I have a socially challenged family. Awkward social antics are commonplace. I was not taught proper social behavior. If we were together for dinner, my family read at the dinner table. Thus, I didn’t learn how to have conversations. So my family is horribly insensitive to my NLD struggles. They basically don’t realize what NLD does, how it makes me more exhausted, how I need help understanding some of the visual-spatial problems, et cetera. I guess they’re not capable of these skills, but I still feel angry, as I didn’t get the social coaching any kid needs, but someone with NLD more than requires.

These days I attend speech therapy, even though it’s a long commute, and I just plain can’t do all the things I’m supposed to work on. Progress is painfully slow. Often, my family’s been most of my social exposure, but many of the examples they’ve set have been confusing or counterproductive, let alone insensitive to my special, NLD-related problems. So many times, I just feel more stressed at family events. You see, my family doesn’t act much like a family, and not towards me. Friends are quite unusual, even though I’m open to making more. And a dating relationship–despite being thickly in the age when marriages are expected–feels obsolete.

As a family friend recently said, “you’re a beautiful young woman–you don’t have a boyfriend,” and I had to say no. Men don’t really acknowledge me. They may comment on my appearance, but don’t really try to know me. Luckily I’m very comfortable being single–much as a single young woman can be in our pressured times–but every holiday, I feel sad, as I know couples are planning romantic dinners, where they will celebrate their relationships. I’m glad for them, but sad for me. Year after year, I see the same thing again–me the wallflower on the side, writing about people instead of relating to them, a little like Emily Dickinson, wars in books, metaphors I play with. It’s easy to feel, in our impersonal times, that people around me don’t care, at least not in the ways I need, and don’t consider knowing me.

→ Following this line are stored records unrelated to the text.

(* Let $\mathcal{G}=(\mathcal{V},\mathcal{E},\mathcal{W})$ be a connected, simple, undirected graph with vertex set $\mathcal{V}=\{1,\dots,n\}$, edge set $\mathcal{E}=\{e_1,\dots,e_m\}$ and positive edge weights $w_1,\dots,w_m$, each edge being given an arbitrary but fixed orientation. Let $D$ be its $n\times m$ incidence matrix, $W=\mathrm{diag}(w_1,\dots,w_m)$, $Q=DW^{-1}$, and for two distinct vertices $s,t$ let $y=y^{(s,t)}\in\mathbb{R}^n$ be the vector with $y(s)=+1$, $y(t)=-1$ and all other entries $0$. Assume (Assumption A1) that for every vertex $v$, the shortest (minimum total weight) path between $s$ and $v$ is unique and the shortest path between $t$ and $v$ is unique. Then for every $\lambda>0$ the lasso problem $$\min_{\beta\in\mathbb{R}^m}\ \tfrac12\|y-Q\beta\|_2^2+\lambda\|\beta\|_1$$ has a unique solution.
   Context: The incidence matrix $D$ has entries $[D]_{ij}=+1$ if vertex $i$ is the tail of edge $e_j$, $-1$ if vertex $i$ is the head of edge $e_j$, and $0$ otherwise. The length of a path is the sum of the weights of its edges. *)

From HB Require Import structures.
From mathcomp Require Import all_boot all_order all_algebra.
From mathcomp Require Import reals.
Set Implicit Arguments. Unset Strict Implicit. Unset Printing Implicit Defensive.
Import Order.TTheory GRing.Theory Num.Theory.
Local Open Scope ring_scope.

(* A graph on vertices 'I_n with m edges; edge j is oriented from tl j (tail)
   to hd j (head). *)
Section Graph.
Variables (R : realType) (n m : nat) (tl hd : 'I_m -> 'I_n) (w : 'I_m -> R).

Definition joins (j : 'I_m) (u v : 'I_n) : bool :=
  ((tl j == u) && (hd j == v)) || ((tl j == v) && (hd j == u)).

Definition simple_graph : Prop :=
  (forall j, tl j != hd j) /\
  (forall j k, j != k -> ~~ joins k (tl j) (hd j)).

Definition adj : rel 'I_n := fun u v => [exists j, joins j u v].

(* p is a (simple) path from u to v, given by its vertex sequence u :: p *)
Definition is_path (u v : 'I_n) (p : seq 'I_n) : bool :=
  [&& path adj u p, uniq (u :: p) & last u p == v].

Definition connected_graph : Prop :=
  forall u v : 'I_n, exists p, is_path u v p.

(* weight of the edge between u and v (graph simple: at most one such edge) *)
Definition edge_weight (u v : 'I_n) : R := \sum_(j | joins j u v) w j.

Definition path_length (u : 'I_n) (p : seq 'I_n) : R :=
  \sum_(e <- zip (u :: p) p) edge_weight e.1 e.2.

Definition shortest_path (u v : 'I_n) (p : seq 'I_n) : Prop :=
  is_path u v p /\ forall q, is_path u v q -> path_length u p <= path_length u q.

Definition unique_shortest_path (u v : 'I_n) : Prop :=
  exists! p, shortest_path u v p.

Definition assumption_A1 (s t : 'I_n) : Prop :=
  forall v : 'I_n, unique_shortest_path s v /\ unique_shortest_path t v.

Definition incidence : 'M[R]_(n, m) :=
  \matrix_(i, j) ((i == tl j)%:R - (i == hd j)%:R).

Definition Wmx : 'M[R]_m := diag_mx (\row_j w j).

Definition Qmx : 'M[R]_(n, m) := incidence *m invmx Wmx.

Definition yvec (s t : 'I_n) : 'cV[R]_n :=
  \col_i ((i == s)%:R - (i == t)%:R).

Definition lasso_obj (y : 'cV[R]_n) (lambda : R) (b : 'cV[R]_m) : R :=
  2^-1 * (\sum_i (y - Qmx *m b) i 0 ^+ 2) + lambda * \sum_j `|b j 0|.

End Graph.

From Pilot Require Import Defs.
From HB Require Import structures.
From mathcomp Require Import all_boot all_order all_algebra.
From mathcomp Require Import reals.
From mathcomp Require Import ring lra.
From mathcomp Require Import boolp classical_sets set_interval.
From mathcomp Require Import topology normedtype derive.
Set Implicit Arguments. Unset Strict Implicit. Unset Printing Implicit Defensive.
Import Order.TTheory GRing.Theory Num.Theory.
Import numFieldNormedType.Exports.
Local Open Scope ring_scope.

(* Any two lasso minimizers have the same fit Q beta, because the squared loss is
   strictly convex in the fit; hence they have the same residual r = y - Q beta.
   Writing f = W^-1 beta, so that Q beta = D f, the optimality conditions say that r
   is lambda-Lipschitz along edges, that r drops by exactly lambda w_j along every
   edge carrying flow, and that y - r is the divergence of f.  As y is a unit source
   at s and a unit sink at t, following the flow backwards from an edge a -> b
   climbs r up to s unless r becomes negative, and following it forwards descends
   to t unless r becomes positive; since r a > r b, either
   r s - r a = lambda d(s, a) or r b - r t = lambda d(b, t).  Such edges lie on
   shortest paths from s or to t, which by Assumption A1 form two trees.  The
   difference of the flows of two minimizers is a circulation supported on these
   trees, and peeling off leaves in the order of r shows that it vanishes. *)

Lemma fin_valuation_ind (T : finType) (R : numDomainType) (g : T -> R) (P : T -> Prop) :
  (forall a, (forall c, g c < g a -> P c) -> P a) -> forall a, P a.
Proof.
move=> IH; suff ind k a : (#|[set c | (g c < g a)%R]| <= k)%N -> P a.
  by move=> a; apply: (ind _ a).
elim: k a => [|k IHk] a Ha; apply: IH => c ca.
  by move: Ha; rewrite leqn0 => /eqP/cards0_eq/setP/(_ c); rewrite !inE ca.
apply: IHk; rewrite -ltnS (leq_trans _ Ha) // proper_card //.
apply/fintype.properP; split.
  by apply/fintype.subsetP => d; rewrite !inE => /lt_trans; apply.
by exists c; rewrite !inE ?ltxx.
Qed.

Lemma sum_le0_has_neg (I : finType) (R : realDomainType) (F : I -> R) j :
  0 < F j -> \sum_i F i <= 0 -> exists k, F k < 0.
Proof.
move=> Fj_gt0 sum_le0; apply/existsP; apply: contraLR sum_le0 => /existsPn F_ge0.
rewrite -ltNge (bigD1 j) //= ltr_pwDl // sumr_ge0 // => i _.
by rewrite leNgt F_ge0.
Qed.

Lemma ler0_linear_quadratic (R : realFieldType) (a c d : R) : 0 < d ->
  (forall e, 0 < e -> e < d -> e * a <= e ^+ 2 * c) -> a <= 0.
Proof.
move=> d_gt0 small; rewrite leNgt; apply/negP => a_gt0.
pose e := Num.min (d / 2) (a / (`|c| + 1)).
have c1_gt0 : 0 < `|c| + 1 by rewrite ltr_wpDl.
have e_gt0 : 0 < e by rewrite lt_min !divr_gt0.
have e_lt_d : e < d by rewrite gt_min ltr_pdivrMr // ltr_pMr // ltr1n orTb.
have e_small : e * (`|c| + 1) <= a by rewrite -ler_pdivlMr // ge_min lexx orbT.
have := small e e_gt0 e_lt_d; have := ler_norm c; have := normr_ge0 c; nra.
Qed.

Section ContinuityRules.
Context {R : realType} {T : topologicalType}.
Implicit Types f g : T -> R.

Lemma continuous_add f g : continuous f -> continuous g -> continuous (fun x => f x + g x).
Proof. by move=> cf cg x; apply: cvgD; [exact: cf | exact: cg]. Qed.

Lemma continuous_mul f g : continuous f -> continuous g -> continuous (fun x => f x * g x).
Proof. by move=> cf cg x; apply: cvgM; [exact: cf | exact: cg]. Qed.

Lemma continuous_normr f : continuous f -> continuous (fun x => `|f x|).
Proof. by move=> cf x; apply: cvg_norm; exact: cf. Qed.

Lemma continuous_sum (I : finType) (F : I -> T -> R) :
  (forall i, continuous (F i)) -> continuous (fun x => \sum_i F i x).
Proof. by move=> cF; apply: continuous_big => [|i _]; [exact: add_continuous | exact: cF]. Qed.

End ContinuityRules.

Lemma rV_coercive_min (R : realType) k (g : 'rV[R]_k -> R) (c : R) :
  0 <= c -> continuous g -> (forall (v : 'rV_k) i, c < `|v ord0 i| -> g 0 < g v) ->
  exists v, forall v', g v <= g v'.
Proof.
move=> c_ge0 g_cont g_coercive.
pose box := [set v : 'rV[R]_k | forall i, `[- c, c] (v ord0 i)]%classic.
have box0 : box 0 by move=> i /=; rewrite mxE in_itv /= oppr_le0 c_ge0.
have box_compact : compact box.
  by apply: (@rV_compact _ _ (fun=> `[- c, c]%classic)) => i; apply: segment_compact.
have [v _ v_min] :=
  EVT_min_rV (ex_intro _ _ box0) box_compact (continuous_subspaceT g_cont).
exists v => v'; case: (pselect (box v')) => [box_v'|/existsNP[i]].
  by apply: v_min; rewrite inE.
rewrite /= in_itv /= -ler_norml => /negP; rewrite -ltNge => /g_coercive lt_v'.
by apply: le_trans (ltW lt_v'); apply: v_min; rewrite inE.
Qed.

Section Lasso.
Variables (R : realType) (n m : nat) (Q : 'M[R]_(n, m)) (lam : R).
Hypothesis lam_gt0 : 0 < lam.
Implicit Types (y : 'cV[R]_n) (b : 'cV[R]_m).

Definition lasso y b : R :=
  2^-1 * (\sum_i (y - Q *m b) i 0 ^+ 2) + lam * \sum_j `|b j 0|.

Definition lasso_min y b : Prop := forall b', lasso y b <= lasso y b'.

(* Compactness is available for boxes of row vectors, hence the transposes. *)
Lemma lasso_rV_continuous y : continuous (fun v : 'rV[R]_m => lasso y v^T).
Proof.
have entry_cont i : continuous (fun v : 'rV[R]_m => (y - Q *m v^T) i 0).
  have -> : (fun v : 'rV[R]_m => (y - Q *m v^T) i 0) =
            (fun v => y i 0 + \sum_k - Q i k * v 0 k).
    apply: funext => v; rewrite !mxE -sumrN; congr (_ + _).
    by apply: eq_bigr => k _; rewrite !mxE mulNr.
  apply: continuous_add; first exact: cst_continuous.
  apply: continuous_sum => k; apply: continuous_mul; first exact: cst_continuous.
  exact: coord_continuous.
apply: continuous_add; apply: continuous_mul; try exact: cst_continuous.
  by apply: continuous_sum => i; apply: continuous_mul; apply: entry_cont.
apply: continuous_sum => j; apply: continuous_normr.
have -> : (fun v : 'rV[R]_m => v^T j 0) = (fun v => v 0 j) by apply: funext => v; rewrite mxE.
exact: coord_continuous.
Qed.

Lemma lasso_min_exists y : exists b, lasso_min y b.
Proof.
have [v v_min] : exists v : 'rV_m, forall v', lasso y v^T <= lasso y v'^T.
  apply: (rV_coercive_min (c := lasso y 0 / lam) _ (@lasso_rV_continuous y)).
    rewrite divr_ge0 ?addr_ge0 ?mulr_ge0 ?sumr_ge0 ?invr_ge0 ?(ltW lam_gt0) //.
    by move=> i _; apply: sqr_ge0.
  move=> v i; rewrite ltr_pdivrMr // mulrC => lt_v; rewrite trmx0.
  apply: (lt_le_trans lt_v); rewrite /lasso -[X in X <= _]add0r lerD //.
    by rewrite mulr_ge0 ?invr_ge0 ?sumr_ge0 // => k _; apply: sqr_ge0.
  by rewrite ler_pM2l // (bigD1 i) //= mxE lerDl sumr_ge0.
by exists v^T => b; have := v_min b^T; rewrite trmxK.
Qed.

Day after day, I suffer from seeing the social realms other people experience. And so I feel stuck. If I could do some things again, I’d attend a smaller college where I could more easily make friends. I would also pick a major with more communication requirements. And I would never have stopped my musical activities. My family is unable to, or won’t, provide the social support I need. So I wallow in hope and despair.